◆ AIM OF THE EXERCISE ◆
Reproduce exactly, from the data that follows, the line with "Definition DLP_optimal (lam", the line with "Local Open Scope ring_scope.", and every line that lies between them.

◆ LISTED ENTRIES ◆
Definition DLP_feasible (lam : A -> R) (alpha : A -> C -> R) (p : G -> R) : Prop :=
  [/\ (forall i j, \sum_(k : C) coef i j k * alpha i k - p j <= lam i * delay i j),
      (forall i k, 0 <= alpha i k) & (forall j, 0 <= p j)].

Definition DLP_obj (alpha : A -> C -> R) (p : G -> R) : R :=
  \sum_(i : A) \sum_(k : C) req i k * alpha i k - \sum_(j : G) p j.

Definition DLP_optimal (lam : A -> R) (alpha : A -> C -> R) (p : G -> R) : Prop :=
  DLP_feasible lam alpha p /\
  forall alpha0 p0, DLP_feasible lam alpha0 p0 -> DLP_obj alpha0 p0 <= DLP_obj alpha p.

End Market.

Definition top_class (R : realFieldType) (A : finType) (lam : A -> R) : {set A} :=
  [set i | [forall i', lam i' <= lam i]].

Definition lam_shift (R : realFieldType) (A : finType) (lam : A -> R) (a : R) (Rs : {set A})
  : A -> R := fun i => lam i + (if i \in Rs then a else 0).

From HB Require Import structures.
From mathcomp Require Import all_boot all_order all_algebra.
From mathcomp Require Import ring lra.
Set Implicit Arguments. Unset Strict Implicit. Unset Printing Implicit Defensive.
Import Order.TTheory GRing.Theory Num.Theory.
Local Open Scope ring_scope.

* * *

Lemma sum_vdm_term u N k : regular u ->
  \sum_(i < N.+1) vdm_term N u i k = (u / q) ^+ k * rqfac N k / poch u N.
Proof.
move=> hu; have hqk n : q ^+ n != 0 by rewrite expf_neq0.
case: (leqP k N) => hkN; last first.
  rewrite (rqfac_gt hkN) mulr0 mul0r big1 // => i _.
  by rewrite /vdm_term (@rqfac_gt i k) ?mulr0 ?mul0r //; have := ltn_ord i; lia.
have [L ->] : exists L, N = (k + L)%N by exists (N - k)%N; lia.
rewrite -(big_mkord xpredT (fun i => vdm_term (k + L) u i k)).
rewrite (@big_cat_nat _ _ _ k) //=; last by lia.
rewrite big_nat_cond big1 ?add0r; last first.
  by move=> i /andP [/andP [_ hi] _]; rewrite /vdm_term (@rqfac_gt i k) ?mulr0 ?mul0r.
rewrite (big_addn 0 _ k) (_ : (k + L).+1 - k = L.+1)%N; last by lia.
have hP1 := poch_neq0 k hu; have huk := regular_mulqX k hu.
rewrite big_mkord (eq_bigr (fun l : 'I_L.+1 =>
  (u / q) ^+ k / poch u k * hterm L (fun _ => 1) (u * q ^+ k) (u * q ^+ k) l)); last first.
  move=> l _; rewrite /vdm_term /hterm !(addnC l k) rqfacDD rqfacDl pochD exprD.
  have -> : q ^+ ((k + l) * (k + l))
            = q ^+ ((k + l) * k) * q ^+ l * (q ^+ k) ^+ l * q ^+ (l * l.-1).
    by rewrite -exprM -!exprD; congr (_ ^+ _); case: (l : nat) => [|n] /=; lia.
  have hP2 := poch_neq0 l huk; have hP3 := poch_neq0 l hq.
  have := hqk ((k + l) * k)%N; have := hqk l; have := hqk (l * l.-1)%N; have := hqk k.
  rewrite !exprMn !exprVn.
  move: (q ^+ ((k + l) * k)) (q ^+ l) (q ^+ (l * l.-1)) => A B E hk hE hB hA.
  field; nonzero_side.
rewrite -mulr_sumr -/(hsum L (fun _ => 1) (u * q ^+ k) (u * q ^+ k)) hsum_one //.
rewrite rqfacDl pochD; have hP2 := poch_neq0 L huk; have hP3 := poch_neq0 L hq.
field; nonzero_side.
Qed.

...

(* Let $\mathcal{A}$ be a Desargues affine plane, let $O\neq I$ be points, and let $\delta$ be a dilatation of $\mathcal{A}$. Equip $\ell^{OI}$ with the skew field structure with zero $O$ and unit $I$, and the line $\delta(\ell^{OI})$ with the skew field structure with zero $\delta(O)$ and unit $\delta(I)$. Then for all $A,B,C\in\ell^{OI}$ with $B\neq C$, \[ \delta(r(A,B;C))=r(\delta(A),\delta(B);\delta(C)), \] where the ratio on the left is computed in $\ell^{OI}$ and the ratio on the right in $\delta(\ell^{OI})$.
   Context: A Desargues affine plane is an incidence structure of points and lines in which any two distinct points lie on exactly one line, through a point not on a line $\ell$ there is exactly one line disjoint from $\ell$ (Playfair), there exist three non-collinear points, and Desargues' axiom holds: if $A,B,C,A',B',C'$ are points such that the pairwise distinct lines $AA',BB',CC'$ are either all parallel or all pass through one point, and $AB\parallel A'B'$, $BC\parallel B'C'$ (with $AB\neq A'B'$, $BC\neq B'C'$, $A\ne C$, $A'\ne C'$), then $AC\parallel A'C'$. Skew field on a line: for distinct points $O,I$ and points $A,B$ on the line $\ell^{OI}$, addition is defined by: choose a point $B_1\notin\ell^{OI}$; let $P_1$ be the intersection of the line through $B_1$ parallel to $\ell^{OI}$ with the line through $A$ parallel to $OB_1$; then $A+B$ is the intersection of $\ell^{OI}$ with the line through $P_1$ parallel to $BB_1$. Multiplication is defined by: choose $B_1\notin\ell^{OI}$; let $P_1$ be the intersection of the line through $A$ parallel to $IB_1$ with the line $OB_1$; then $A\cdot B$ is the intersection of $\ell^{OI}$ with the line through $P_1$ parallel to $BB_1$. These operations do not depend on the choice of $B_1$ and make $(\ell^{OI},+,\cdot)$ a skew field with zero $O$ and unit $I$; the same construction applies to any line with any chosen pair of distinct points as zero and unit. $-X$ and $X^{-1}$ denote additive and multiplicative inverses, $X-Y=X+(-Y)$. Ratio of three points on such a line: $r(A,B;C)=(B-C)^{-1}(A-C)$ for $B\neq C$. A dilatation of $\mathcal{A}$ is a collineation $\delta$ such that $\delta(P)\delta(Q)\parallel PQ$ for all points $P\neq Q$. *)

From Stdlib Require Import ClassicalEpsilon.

◆ SOLVED EXERCISE ◆
Definition DLP_optimal (lam : A -> R) (alpha : A -> C -> R) (p : G -> R) : Prop :=
  DLP_feasible lam alpha p /\
  forall alpha0 p0, DLP_feasible lam alpha0 p0 -> DLP_obj alpha0 p0 <= DLP_obj alpha p.

End Market.

Definition top_class (R : realFieldType) (A : finType) (lam : A -> R) : {set A} :=
  [set i | [forall i', lam i' <= lam i]].

Definition lam_shift (R : realFieldType) (A : finType) (lam : A -> R) (a : R) (Rs : {set A})
  : A -> R := fun i => lam i + (if i \in Rs then a else 0).

From HB Require Import structures.
From mathcomp Require Import all_boot all_order all_algebra.
From mathcomp Require Import ring lra.
Set Implicit Arguments. Unset Strict Implicit. Unset Printing Implicit Defensive.
Import Order.TTheory GRing.Theory Num.Theory.
Local Open Scope ring_scope.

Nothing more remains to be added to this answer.